Saturday, April 08, 2006

What is the world coming to?

I really have an issue with people that cannot see the need to take responsibility for themselves. I spent at least an hour this evening reading this post on waiterrant about a young, pretty waitress's experience with a table of 40-something men that don't know when they shouldn't be flirting with a 20-something woman. Part of what took me so long was reading the 250+ comments, and this is where I get to the point of "what is the world coming to?". There were several commenters that felt the situation amounted to serious sexual harrassment and that Waiter should have done something more than just give her a suggested comeback since he was her superior.

I can't help but wonder how the hell people began to think like this. Since when is it up to someone else to stand up for how you feel?!? If I, as a woman sometimes known as attractive and even been called hot and beautiful and often cute, don't like your comments to me, then I will take it upon myself to let you know in some way. I was a waitress for a brief time, but it isn't just waitressing...I am pretty certain it was mostly not when waitressing when I encountered the unwanted flirting such as this waitress experienced that night. You either learn to deal with it because being young and attractive has undoubtedly worked to your advantage more times than you're able to comprehend or you crawl into a hole and hope humans disappear and the world gets taken over by thoughtless robots. Whether she simply requests they stop the behavior in a no-nonsense manner or starts developing her witty and/or sassy comebacks, she is going to feel better about herself in the long-run having learned to deal with these uncomfortable situations rather than feeling like someone else needs to come to her rescue.

Perhaps I am less offended by the idea of being objectified since it began for me while I was still a child (although I suppose I am much more in the school of thought of "stop being so sensitive about every little thing, it really isn't personal" than PC), but I feel sorry for the women that are so easily offended by these stupid, harmless remarks from men. I sincerely hope that more people feel like I do than not because I just cannot understand the thought process of someone that would even consider suing a restaurant because they wouldn't make a customer that was flirting with a waitress leave when she didn't have the guts to do something about it herself to begin with. I agree that women shouldn't have to put up with crap while simply trying to do their jobs, but if you don't like how you're being treated, you need to attempt to resolve the situation yourself before even thinking that your boss should handle it for you.

If you don't read the post from Waiter or all the comments, much of this post may not make sense, but please do not read this believing that the waitress wants to sue the bistro where Waiter works...that absurdity was brought up in the comments.
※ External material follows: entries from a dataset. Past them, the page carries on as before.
Lemma run_compress i : (i <= n)%N -> idtens (g i) (run W P i) = c *: run W Q i.
Proof.
elim: i => [|i IHi] lt_in.
  by rewrite (eq_idtens _ g0) idtens_scale.
rewrite (eq_idtens _ (gS i)) !runS idtens_round idtens_comp (eq_idtens _ (gP i)).
rewrite -(idtens_comp (Q i)) IHi 1?ltnW // idtensZ ?roundZ //; exact: linQ.
Qed.

End Compression.
Arguments run_compress {C dA dB dE} W {r s n c P Q g} f.

Section Mixture.
Local Unset Implicit Arguments.
Variables (C : numClosedFieldType) (dA dE : nat) (r r' : nat -> nat) (p : C).

Definition rsum i := (r i + r' i)%N.

Definition compress_l i : 'M[C]_(rdim rsum i * edim dE i) -> 'M[C]_(rdim r i * edim dE i) :=
  if i is j.+1 then conj_op (sel_mx (@lshift (r j.+1) (r' j.+1)) *t 1%:M)
  else *:%R p.

Definition compress_r i : 'M[C]_(rdim rsum i * edim dE i) -> 'M[C]_(rdim r' i * edim dE i) :=
  if i is j.+1 then conj_op (sel_mx (@rshift (r j.+1) (r' j.+1)) *t 1%:M)
  else *:%R (1 - p).

Definition embed_l i : 'M[C]_(dA * rdim r i.+1) -> 'M[C]_(dA * rdim rsum i.+1) :=
  conj_op (1%:M *t adj (sel_mx (@lshift (r i.+1) (r' i.+1)))).

Definition embed_r i : 'M[C]_(dA * rdim r' i.+1) -> 'M[C]_(dA * rdim rsum i.+1) :=
  conj_op (1%:M *t adj (sel_mx (@rshift (r i.+1) (r' i.+1)))).

Lemma compress_l_linear i : linear_map (compress_l i).
Proof. by case: i => [|i]; [apply: scale_linear | apply: conj_op_linear]. Qed.

Lemma compress_r_linear i : linear_map (compress_r i).
Proof. by case: i => [|i]; [apply: scale_linear | apply: conj_op_linear]. Qed.

Lemma compress_l_cp i : 0 <= p -> completely_positive (compress_l i).
Proof. by case: i => [|i] p_ge0; [apply: cp_scale | apply: cp_conj_op]. Qed.
(* Let $G=(V,E)$ be a finite undirected graph with $|V|=n$, and let $G^{\ell}$ be the directed graph on $V$ obtained by replacing every edge $\{u,v\}\in E$ by the two arcs $u\to v$ and $v\to u$. Then for every linear ordering $\varphi$ of $V$, $$\mathrm{VS}(G,\varphi)\le \mathrm{RB}(G^{\ell},\varphi)\le \mathrm{VS}(G,\varphi)+1 .$$
   Context: A linear ordering of a finite vertex set $V$ with $|V|=n$ is a bijection $\varphi:\{1,\dots,n\}\to V$; write $\mathrm{pos}(u)=\varphi^{-1}(u)$. For an undirected graph $G=(V,E)$, the vertex separation value is $\mathrm{VS}(G,\varphi)=\max_{1\le i\le n}\left|\{u\in V:\exists\{u,v\}\in E \text{ with } \mathrm{pos}(u)\le i<\mathrm{pos}(v)\}\right|$. For a directed graph $D=(V,A)$ (a labeled dependency graph; an arc $u\to w$ means object $u$ depends on object $w$, i.e. $w$ must leave its start pose before $u$ can be placed at its goal), the running buffer count of $\varphi$ is defined by the following process: objects are picked in the order $\varphi(1),\varphi(2),\dots$; let $S_i=\{\varphi(1),\dots,\varphi(i)\}$ ($S_0=\emptyset$) and $B_i=\{u\in S_i:\exists\, (u\to w)\in A \text{ with } w\notin S_i\}$ (objects stored in an external buffer after step $i$, all others in $S_i$ having been placed at their goals at the earliest opportunity). Then $\mathrm{RB}(D,\varphi)=\max_{1\le i\le n}\big(|B_{i-1}|+[\varphi(i)\in B_i]\big)$, where $[\cdot]$ is $1$ if the condition holds and $0$ otherwise (when $\varphi(i)$ must itself go to the buffer, it is stored there before the objects it releases can leave the buffer). *)

From mathcomp Require Import all_boot.
Set Implicit Arguments. Unset Strict Implicit. Unset Printing Implicit Defensive.

(* A linear ordering of the finite vertex set T is a bijection
   phi : 'I_#|T| -> T.  Positions are 0-based: phi (ord k) is the (k+1)-st
   object, so pos(u) = 1 + (index of u).  *)

(* S_i = {phi(1),...,phi(i)} (1-based), i.e. the vertices of 0-based index < i *)
Definition prefix (T : finType) (phi : 'I_#|T| -> T) (i : nat) : {set T} :=
  [set phi k | k : 'I_#|T| & k < i].

Definition simple_graph (T : finType) (e : rel T) : Prop :=
  symmetric e /\ irreflexive e.

Definition vs_cut (T : finType) (e : rel T) (phi : 'I_#|T| -> T) (i : nat)
  : {set T} :=
  [set u in prefix phi i | [exists v, e u v && (v \notin prefix phi i)]].

Definition VS (T : finType) (e : rel T) (phi : 'I_#|T| -> T) : nat :=
  \max_(1 <= i < #|T|.+1) #|vs_cut e phi i|.

(* Directed graph given by an arc relation a : a u w  means  u -> w. *)
Definition buffer (T : finType) (a : rel T) (phi : 'I_#|T| -> T) (i : nat)
  : {set T} :=
  [set u in prefix phi i | [exists w, a u w && (w \notin prefix phi i)]].

(* RB(D, phi) = max_{1<=i<=n} (|B_{i-1}| + [phi(i) in B_i]);
   with 0-based k = i-1, phi(i) is phi k. *)
Definition RB (T : finType) (a : rel T) (phi : 'I_#|T| -> T) : nat :=
  \max_(k < #|T|) (#|buffer a phi k| + (phi k \in buffer a phi k.+1)).

Definition labeled_digraph (T : finType) (e : rel T) : rel T :=
  fun u w => e u w || e w u.

From Pilot Require Import Defs.
From mathcomp Require Import all_boot.

Set Implicit Arguments.
Unset Strict Implicit.

(** For a symmetric relation the buffer B_i of G^l is exactly the cut of the
    vertex separation at position i.  Apart from phi k, every vertex of the cut
    after k+1 objects already lies in the cut after k objects, so the cut size
    at k+1 is bounded by the k-th term |cut_k| + [phi k in cut_(k+1)] of RB;
    this gives VS <= RB.  Conversely each term of RB is a cut size, at most VS,
    plus one bit. *)

Section VertexSeparationCuts.

Variables (T : finType) (e : rel T) (phi : 'I_#|T| -> T).

Lemma prefix0 : Defs.prefix phi 0 = set0.
Proof. by apply/setP => u; rewrite inE; apply/imsetP => -[j]; rewrite inE. Qed.

Lemma prefixS (k : 'I_#|T|) : Defs.prefix phi k.+1 = phi k |: Defs.prefix phi k.
Proof.
apply/setP => u; rewrite in_setU1; apply/imsetP/orP.
- move=> [j]; rewrite inE ltnS leq_eqVlt => /orP [/eqP/val_inj -> -> | jk ->].
    by left.
  by right; apply/imsetP; exists j; rewrite ?inE.
- move=> [/eqP -> | /imsetP [j]]; first by exists k; rewrite ?inE.
  by rewrite inE => jk ->; exists j; rewrite // inE ltnW.
Qed.

Lemma vs_cut0 : vs_cut e phi 0 = set0.
Proof. by apply/setP => u; rewrite !inE prefix0 inE. Qed.

Lemma vs_cutS_setD1 (k : 'I_#|T|) :
  vs_cut e phi k.+1 :\ phi k \subset vs_cut e phi k.
Proof.
apply/subsetP => u; rewrite !inE prefixS in_setU1.
case/and3P => /negPf -> /= uk /existsP [v /andP [euv]].
rewrite in_setU1 negb_or => /andP [_ vk].
by rewrite uk; apply/existsP; exists v; rewrite euv.
Qed.

Lemma card_vs_cutS (k : 'I_#|T|) :
  #|vs_cut e phi k.+1| <= #|vs_cut e phi k| + (phi k \in vs_cut e phi k.+1).
Proof.
by rewrite (cardsD1 (phi k)) addnC leq_add2r subset_leq_card ?vs_cutS_setD1.
Qed.

Lemma card_vs_cut_le_VS i : i <= #|T| -> #|vs_cut e phi i| <= VS e phi.
Proof.
case: i => [|i] iT; first by rewrite vs_cut0 cards0.
rewrite /VS; apply: (@leq_bigmax_seq _ _ _ (fun i : nat => #|vs_cut e phi i|)) => //.
by rewrite mem_index_iota.
Qed.

Lemma buffer_labeled_digraph i :
  symmetric e -> buffer (labeled_digraph e) phi i = vs_cut e phi i.
Proof.
move=> esym; apply/setP => u; rewrite !inE; congr (_ && _).
by apply: eq_existsb => v; rewrite /labeled_digraph (esym v u) orbb.
Qed.

End VertexSeparationCuts.

Theorem lemma1 (T : finType) (e : rel T) (phi : 'I_#|T| -> T) :
  simple_graph e -> bijective phi ->
  VS e phi <= RB (labeled_digraph e) phi <= VS e phi + 1.
Proof.
move=> [esym _] _; rewrite /RB.
under eq_bigr do rewrite !buffer_labeled_digraph //.
apply/andP; split.
- apply/bigmax_leqP_seq => -[|k]; rewrite mem_index_iota // => /andP [_ kT] _.
  rewrite ltnS in kT.
  apply: leq_trans (card_vs_cutS e phi (Ordinal kT)) _.
  exact: (leq_bigmax (Ordinal kT)).
- apply/bigmax_leqP => k _.
  by rewrite leq_add ?leq_b1 // card_vs_cut_le_VS // ltnW.
Qed.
I must also applaud whoever it was that made the comment over there about men not necessarily knowing when they shouldn't be flirting. There are 20-something women that date 40-something men...it isn't unheard of, people. The men at this table could very well have thought they had a shot with the waitress since at the very least, they were less-than-poor. How is a guy to know if he has a shot with a woman unless he takes a shot? I also can't help but think this waitress wouldn't have been so uncomfortable or offended had the men been younger and more appealing to her.

1 comment:

GA girl said...

Considering I'm one of the 20somethings dating a 40something, I'd say yes older men do have a shot. Did not read the waiter post, but I'd say, get over it. Flirting is natural, if you don't like it, tell them to kiss off and kiss your tip good bye as well.